ANCONA - Tornare a lavorare dopo un carcinoma mammario. Ha questo fine il progetto della Regione Marche, finanziato con 150mila euro dei 750mila euro di risorse a disposizione e presentato a Palazzo Raffaello. Capofila del progetto è l'Area Vasta2 di Ancona, in collaborazione con l'Aof Associazione oncologica fabrianese e l'agenzia del lavoro During. Alla realizzazione contribuiranno Meccano Spa in rappresentanza delle imprese, l'Associazione Kulturando di Fabriano esperta di pari opportunità, orientamento e formazione, Digital Smart e Progetto Crescita di Fano, il Centro Papa Giovanni XXIII ed il Polo9 di Ancona.

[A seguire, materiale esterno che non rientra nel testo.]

Lemma Cnorm_Cexp z : Cnorm (Cexp z) = exp (fst z).
Proof.
  unfold Cnorm, Cexp; simpl. pose proof (exp_pos (fst z)).
  replace (exp (fst z) * cos (snd z) * (exp (fst z) * cos (snd z)) +
           exp (fst z) * sin (snd z) * (exp (fst z) * sin (snd z)))
    with (exp (fst z) * exp (fst z) * (Rsqr (sin (snd z)) + Rsqr (cos (snd z)))) by (unfold Rsqr; ring).
  rewrite sin2_cos2, Rmult_1_r. apply sqrt_square. lra.
Qed.

Lemma cderiv_bound f z d : has_cderiv f z d -> forall eps, 0 < eps -> exists delta, 0 < delta /\
  forall h, Cnorm h < delta ->
    Cnorm (Csub (Csub (f (Cadd z h)) (f z)) (Cmul d h)) <= eps * Cnorm h.
Proof.
  intros H eps Heps. destruct (H eps Heps) as [delta [Hd Hh]]. exists delta; split; auto.
  intros h Hlt. destruct (Rle_lt_or_eq_dec 0 (Cnorm h) (Cnorm_nonneg h)) as [Hp|Hz].
  - apply Hh; lra.
  - symmetry in Hz. apply Cnorm_eq0 in Hz. subst h.
    replace (Csub (Csub (f (Cadd z Czero)) (f z)) (Cmul d Czero)) with Czero
      by (replace (Cadd z Czero) with z by (unfold Czero; ceq); unfold Czero; ceq).
    rewrite Cnorm_C0. lra.
Qed.

Lemma cderiv_ext f g z d : (forall w, f w = g w) -> has_cderiv f z d -> has_cderiv g z d.
Proof.
  intros E H eps Heps. destruct (H eps Heps) as [delta [Hd Hh]]. exists delta; split; auto.
  intros h Hh'. rewrite <- !E. auto.
Qed.

(* Derivatives are unique: test the two estimates on a small real increment. *)
Lemma cderiv_unique f z d1 d2 : has_cderiv f z d1 -> has_cderiv f z d2 -> d1 = d2.
Proof.
  intros H1 H2. apply Cnorm_sub_eq0.
  assert (Small : forall eps, 0 < eps -> Cnorm (Csub d1 d2) <= 2 * eps).
  { intros eps Heps. destruct (H1 eps Heps) as [a [Ha Hha]]. destruct (H2 eps Heps) as [b [Hb Hhb]].
    set (t := Rmin a b / 2).
    pose proof (Rmin_pos a b Ha Hb); pose proof (Rmin_l a b); pose proof (Rmin_r a b).
    set (h := (t, 0) : Cplx).
    assert (Nh : Cnorm h = t).
    { unfold h, Cnorm; simpl. replace (t * t + 0 * 0) with (t * t) by ring.
      apply sqrt_square. unfold t; lra. }
    specialize (Hha h); specialize (Hhb h). rewrite Nh in Hha, Hhb.
    pose proof (Cnorm_triangle (Csub (Csub (f (Cadd z h)) (f z)) (Cmul d2 h))
                  (Cscal (-1) (Csub (Csub (f (Cadd z h)) (f z)) (Cmul d1 h)))) as T.
    replace (Cadd (Csub (Csub (f (Cadd z h)) (f z)) (Cmul d2 h))
                  (Cscal (-1) (Csub (Csub (f (Cadd z h)) (f z)) (Cmul d1 h))))
      with (Cmul (Csub d1 d2) h) in T by ceq.
    rewrite Cnorm_mul, Nh, Cnorm_opp in T.
    apply Rmult_le_reg_r with t; unfold t in *; [lra|]. 
    specialize (Hha ltac:(lra)); specialize (Hhb ltac:(lra)). lra. }
  pose proof (Cnorm_nonneg (Csub d1 d2)).
  destruct (Rle_lt_or_eq_dec _ _ H) as [Hp|Hz]; [|lra].
  specialize (Small (Cnorm (Csub d1 d2) / 4) ltac:(lra)). lra.
Qed.

Lemma cderiv_id z : has_cderiv (fun w => w) z Cone.
Proof.
  intros eps Heps. exists 1; split; [lra|]. intros h _.
  replace (Csub (Csub (Cadd z h) z) (Cmul Cone h)) with Czero by (unfold Czero, Cone; ceq).
  rewrite Cnorm_C0. pose proof (Cnorm_nonneg h). nra.
Qed.

Lemma cderiv_add f g z a b : has_cderiv f z a -> has_cderiv g z b ->
  has_cderiv (fun w => Cadd (f w) (g w)) z (Cadd a b).
Proof.
  intros Hf Hg eps Heps. destruct (Hf (eps / 2) ltac:(lra)) as [d1 [Hd1 H1]].
  destruct (Hg (eps / 2) ltac:(lra)) as [d2 [Hd2 H2]].
  exists (Rmin d1 d2); split; [apply Rmin_pos; auto|]. intros h Hh.
  pose proof (Rmin_l d1 d2); pose proof (Rmin_r d1 d2).
  specialize (H1 h ltac:(lra)); specialize (H2 h ltac:(lra)).
  replace (Csub (Csub (Cadd (f (Cadd z h)) (g (Cadd z h))) (Cadd (f z) (g z))) (Cmul (Cadd a b) h))
    with (Cadd (Csub (Csub (f (Cadd z h)) (f z)) (Cmul a h))
               (Csub (Csub (g (Cadd z h)) (g z)) (Cmul b h))) by ceq.
  eapply Rle_trans; [apply Cnorm_triangle|]. lra.
Qed.

Lemma cderiv_lip f z d : has_cderiv f z d -> exists delta, 0 < delta /\
  forall h, Cnorm h < delta -> Cnorm (Csub (f (Cadd z h)) (f z)) <= (Cnorm d + 1) * Cnorm h.
Proof.
  intros H. destruct (cderiv_bound f z d H 1 ltac:(lra)) as [delta [Hd Hh]].
  exists delta; split; auto. intros h Hlt. specialize (Hh h Hlt).
  replace (Csub (f (Cadd z h)) (f z))
    with (Cadd (Csub (Csub (f (Cadd z h)) (f z)) (Cmul d h)) (Cmul d h)) by ceq.
  eapply Rle_trans; [apply Cnorm_triangle|]. rewrite Cnorm_mul. lra.
Qed.

Lemma cderiv_comp f g z a b : has_cderiv f z a -> has_cderiv g (f z) b ->
  has_cderiv (fun w => g (f w)) z (Cmul b a).
Proof.
  intros Hf Hg eps Heps.
  destruct (cderiv_lip f z a Hf) as [d0 [Hd0 HL]].
  set (M := Cnorm a + 1). assert (HM : 0 < M) by (unfold M; pose proof (Cnorm_nonneg a); lra).
  set (Nb := Cnorm b + 1). assert (HNb : 0 < Nb) by (unfold Nb; pose proof (Cnorm_nonneg b); lra).
  destruct (cderiv_bound g (f z) b Hg (eps / (2 * M)) ltac:(apply Rdiv_lt_0_compat; lra))
    as [d2 [Hd2 H2]].
  destruct (cderiv_bound f z a Hf (eps / (2 * Nb)) ltac:(apply Rdiv_lt_0_compat; lra))
    as [d1 [Hd1 H1]].
  exists (Rmin (Rmin d0 d1) (d2 / M)); split.
  { apply Rmin_pos; [apply Rmin_pos|apply Rdiv_lt_0_compat]; auto. }
  intros h Hh. pose proof (Rmin_l (Rmin d0 d1) (d2 / M)); pose proof (Rmin_r (Rmin d0 d1) (d2 / M));
  pose proof (Rmin_l d0 d1); pose proof (Rmin_r d0 d1); pose proof (Cnorm_nonneg h).
  set (k := Csub (f (Cadd z h)) (f z)).
  assert (Hk : Cnorm k <= M * Cnorm h) by (apply HL; lra).
  assert (Hk2 : Cnorm k < d2).
  { assert (Hm : M * Cnorm h < M * (d2 / M)) by (apply Rmult_lt_compat_l; lra).
    replace (M * (d2 / M)) with d2 in Hm by (field; lra). lra. }
  specialize (H2 k Hk2). specialize (H1 h ltac:(lra)).
  replace (Cadd (f z) k) with (f (Cadd z h)) in H2 by (unfold k; ceq).
  replace (Csub (Csub (g (f (Cadd z h))) (g (f z))) (Cmul (Cmul b a) h)) with
    (Cadd (Csub (Csub (g (f (Cadd z h))) (g (f z))) (Cmul b k))
          (Cmul b (Csub (Csub (f (Cadd z h)) (f z)) (Cmul a h)))) by (unfold k; ceq).
  eapply Rle_trans; [apply Cnorm_triangle|]. rewrite Cnorm_mul.
  assert (eps / (2 * M) * Cnorm k <= eps / 2 * Cnorm h).
  { apply Rle_trans with (eps / (2 * M) * (M * Cnorm h)).
    - apply Rmult_le_compat_l; [left; apply Rdiv_lt_0_compat; lra|auto].
    - right; field; lra. }
  assert (Cnorm b * Cnorm (Csub (Csub (f (Cadd z h)) (f z)) (Cmul a h)) <= eps / 2 * Cnorm h).
  { apply Rle_trans with (Nb * (eps / (2 * Nb) * Cnorm h)).
    - apply Rmult_le_compat; auto using Cnorm_nonneg. unfold Nb; lra.
    - right; field; lra. }
  lra.
Qed.

Definition ccont (f : Cplx -> Cplx) (z : Cplx) : Prop :=
  forall eps, 0 < eps -> exists delta, 0 < delta /\
    forall w, Cnorm (Csub w z) < delta -> Cnorm (Csub (f w) (f z)) < eps.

"L'iniziativa è studiata per promuovere e sostenere la sperimentazione di interventi che possano rafforzare la ripresa psicologica, motivazionale e fisica delle donne affette da pregresso carcinoma mammario, finalizzata al pieno recupero della loro autostima e delle condizioni necessarie per proiettarsi nuovamente con successo nella vita sociale e nel mondo del lavoro", sottolinea l'assessore alla Sanità Filippo Saltamartini. Si tratta di un percorso "importante che nei prossimi anni intendiamo corroborare con finanziamenti aggiuntivi". Lo scopo della Regione è dunque garantire non solo la prevenzione e le cure, ma anche il "dopo", a partire dal benessere psicologico dei pazienti. "E' questo il salto di qualità che vorrei facesse il sistema sanitario regionale e sono convinto che raggiungere questo obiettivo sia possibile", prosegue Saltamartini che ringrazia tutte le aziende che accoglieranno queste donne.

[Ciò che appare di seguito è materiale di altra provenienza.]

(* Let $\alpha\in(0,1)$ and let $m\ge1$ be an integer. The $(m,m)$ Padé approximant $r_m$ of $(1+t)^{-\alpha}$ (normalized so that its denominator equals $1$ at $t=0$) is monotonically decreasing on $[0,\infty)$.
   Context: The $(m,m)$ Padé approximant of $(1+t)^{-\alpha}$ is the rational function $r_m=P_m/Q_m$ with $P_m,Q_m$ polynomials of degree at most $m$, $Q_m(0)=1$, whose Maclaurin expansion agrees with that of $(1+t)^{-\alpha}$ up to and including the coefficient of $t^{2m}$. *)

From HB Require Import structures.
From mathcomp Require Import all_boot all_order all_algebra.
From mathcomp Require Import reals.
Set Implicit Arguments. Unset Strict Implicit. Unset Printing Implicit Defensive.
Import Order.TTheory GRing.Theory Num.Theory.
Local Open Scope ring_scope.

(* Generalized binomial coefficient  binom(a, k) = prod_{i<k} (a - i)/(i+1).
   The Maclaurin coefficients of (1+t)^(-alpha) are gbinom (-alpha) k. *)
Definition gbinom (R : realType) (a : R) (k : nat) : R :=
  \prod_(i < k) ((a - i%:R) / (i.+1)%:R).

(* Maclaurin coefficients c of the rational function P/Q (with Q(0) = 1):
   the (unique) power series c with Q * c = P, i.e. the Cauchy product
   of the coefficient sequence of Q with c equals the coefficient
   sequence of P. *)
Definition is_maclaurin_of_ratio (R : realType) (P Q : {poly R}) (c : nat -> R) : Prop :=
  forall k : nat, \sum_(j < k.+1) Q`_j * c (k - j)%N = P`_k.

Definition is_pade_mm (R : realType) (m : nat) (f : nat -> R) (P Q : {poly R}) : Prop :=
  [/\ (size P <= m.+1)%N, (size Q <= m.+1)%N, Q.[0] = 1 &
      exists c : nat -> R, is_maclaurin_of_ratio P Q c /\
                           (forall k : nat, (k <= 2 * m)%N -> c k = f k)].

From mathcomp Require Import all_boot all_order all_algebra.
From mathcomp Require Import reals normedtype derive realfun.
From mathcomp Require Import ring lra zify.

(* Let P_b := 2F1(-m, b - m; -2m; -t), a polynomial of degree m with positive
   coefficients when b < 1, and put P := P_alpha, Q := P_(-alpha).  By Euler's
   transformation 2F1(a, b; c; z) = (1 - z)^(c - a - b) 2F1(c - a, c - b; c; z),
   Q(t) (1 + t)^(-alpha) = P(t) + O(t^(2m+1)).  Differentiating
   (1 + t)^alpha P / Q = 1 + O(t^(2m+1)) then gives
     (1 + t) (P' Q - P Q') + alpha P Q = alpha p_m q_m t^(2m).
   Hence P and Q are coprime, which makes P / Q the unique Pade approximant, and
   since P Q >= (1 + p_m t^m) (1 + q_m t^m) > p_m q_m t^(2m) for t >= 0, the
   Wronskian P' Q - P Q' is negative on [0, oo). *)

Set Implicit Arguments.
Unset Strict Implicit.
Unset Printing Implicit Defensive.

Import Order.TTheory GRing.Theory Num.Theory.
Import numFieldNormedType.Exports.
Local Open Scope ring_scope.

Section PolyCoef.
Variable R : nzRingType.
Implicit Types p q : {poly R}.

Lemma size_deriv_leq p n : (size p <= n.+1)%N -> (size p^`() <= n)%N.
Proof.
move=> sp; apply/leq_sizeP => j jn.
by rewrite coef_deriv (leq_sizeP _ _ sp) ?mul0rn.
Qed.

Lemma size_polyMleq_add p q i j :
  (size p <= i)%N -> (size q <= j)%N -> (size (p * q)%R <= (i + j).-1)%N.
Proof.
move=> sp sq; apply: leq_trans (size_polyMleq _ _) _.
by rewrite -!subn1 leq_sub2r ?leq_add.
Qed.

Lemma coefM_top p q i j : (size p <= i.+1)%N -> (size q <= j.+1)%N ->
  (p * q)`_(i + j) = p`_i * q`_j.
Proof.
move=> sp sq; have hi : (i < (i + j).+1)%N by lia.
rewrite coefM (bigD1 (Ordinal hi)) //= addKn big1 ?addr0 // => -[l hl] /= /eqP/val_eqP/= li.
case: (ltngtP l i) li => // [lti|gti] _.
  by rewrite [q`_ _](leq_sizeP _ _ sq) ?mulr0 //; lia.
by rewrite (leq_sizeP _ _ sp) ?mul0r.
Qed.

End PolyCoef.

Section DvdpXn.
Variable R : idomainType.
Implicit Types p : {poly R}.

Lemma dvdp_XnP n p : reflect (forall k, (k < n)%N -> p`_k = 0) ('X^n %| p).
Proof.
rewrite /dvdp -Pdiv.IdomainMonic.take_poly_modp; apply: (iffP eqP) => [p0 k kn|p0].
  by have := coef_take_poly n p k; rewrite kn p0 coef0.
by apply/polyP => k; rewrite coef_take_poly coef0; case: ifP => // /p0.
Qed.

Lemma dvdp_Xn_deriv n p : 'X^(n.+1) %| p -> 'X^n %| p^`().
Proof.
by move=> /dvdp_XnP p0; apply/dvdp_XnP => k kn; rewrite coef_deriv p0 ?mul0rn.
Qed.

Lemma dvdp_Xn_Xderiv n p : 'X^n %| p -> 'X^n %| 'X * p^`().
Proof.
case: n => [|n] pn; first by rewrite expr0 dvd1p.
by rewrite exprS dvdp_mul // dvdp_Xn_deriv.
Qed.

Lemma coprimep_Xn p n : p.[0] != 0 -> coprimep p 'X^n.
Proof.
move=> p0; apply: coprimep_expr.
by rewrite -[X in coprimep _ X]subr0 -polyC0 coprimep_XsubC.
Qed.

Lemma coprimep_Xn_1addX n : coprimep ('X^n : {poly R}) (1 + 'X).
Proof. by rewrite coprimep_sym coprimep_Xn // !hornerE oner_eq0. Qed.

Lemma dvdp_Xn_size_eq0 n p : (size p <= n)%N -> 'X^n %| p -> p = 0.
Proof.
move=> sp /dvdp_XnP p0; apply/polyP => k; rewrite coef0.
by case: (ltnP k n) => [/p0 //|nk]; rewrite nth_default // (leq_trans sp).
Qed.

Lemma dvdp_Xn_size_eq n p : (size p <= n.+1)%N -> 'X^n %| p -> p = p`_n *: 'X^n.
Proof.
move=> sp /dvdp_XnP p0; apply/polyP => k; rewrite coefZ coefXn.
case: (ltngtP k n) => [/p0 -> | nk | ->]; rewrite ?mulr0 ?mulr1 //.
by rewrite nth_default // (leq_trans sp).
Qed.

"E' importante non solo curare- aggiunge la direttrice dell'Asur Nadia Storti- ma anche prendersi cura delle persone. Progetti sperimentali come questi sono fondamentali anche perché costituiscono esempi di buone pratiche che possiamo replicare su tutto il territorio regionale. Nelle Marche, fa notare il direttore del Dipartimento Specialità mediche AV2 e primario di Oncologia a Fabriano Rosa Rita Silva, nei 3 anni di osservazione (2010-2012) del registro tumori della Regione, è stata osservata una incidenza di 3616 casi osservati con una media di 1.305 casi anno. A fronte di 3.600.000 persone vive in Italia dopo la diagnosi di cancro, corrispondente al 5,7% della popolazione italiana, sono 834.200 le donne viventi in Italia dopo una diagnosi di tumore della mammella. "Il miglioramento della sopravvivenza, quindi l'aumento del numero di guariti ha portato a nuovi bisogni come il reinserimento lavorativo che risulta spesso molto difficile. Le statistiche ci dicono che questa percentuale è in media del 64%, e con un elevato range di disoccupazione. Gli interventi che promuovono il ritorno al lavoro sono rivolti al miglioramento dello stato fisico e psicosociale della paziente, alla valutazione delle abilità lavorative, delle richieste lavorative, attraverso un training, la formazione non solo della lavoratrice ma anche del datore di lavoro", conclude Silva.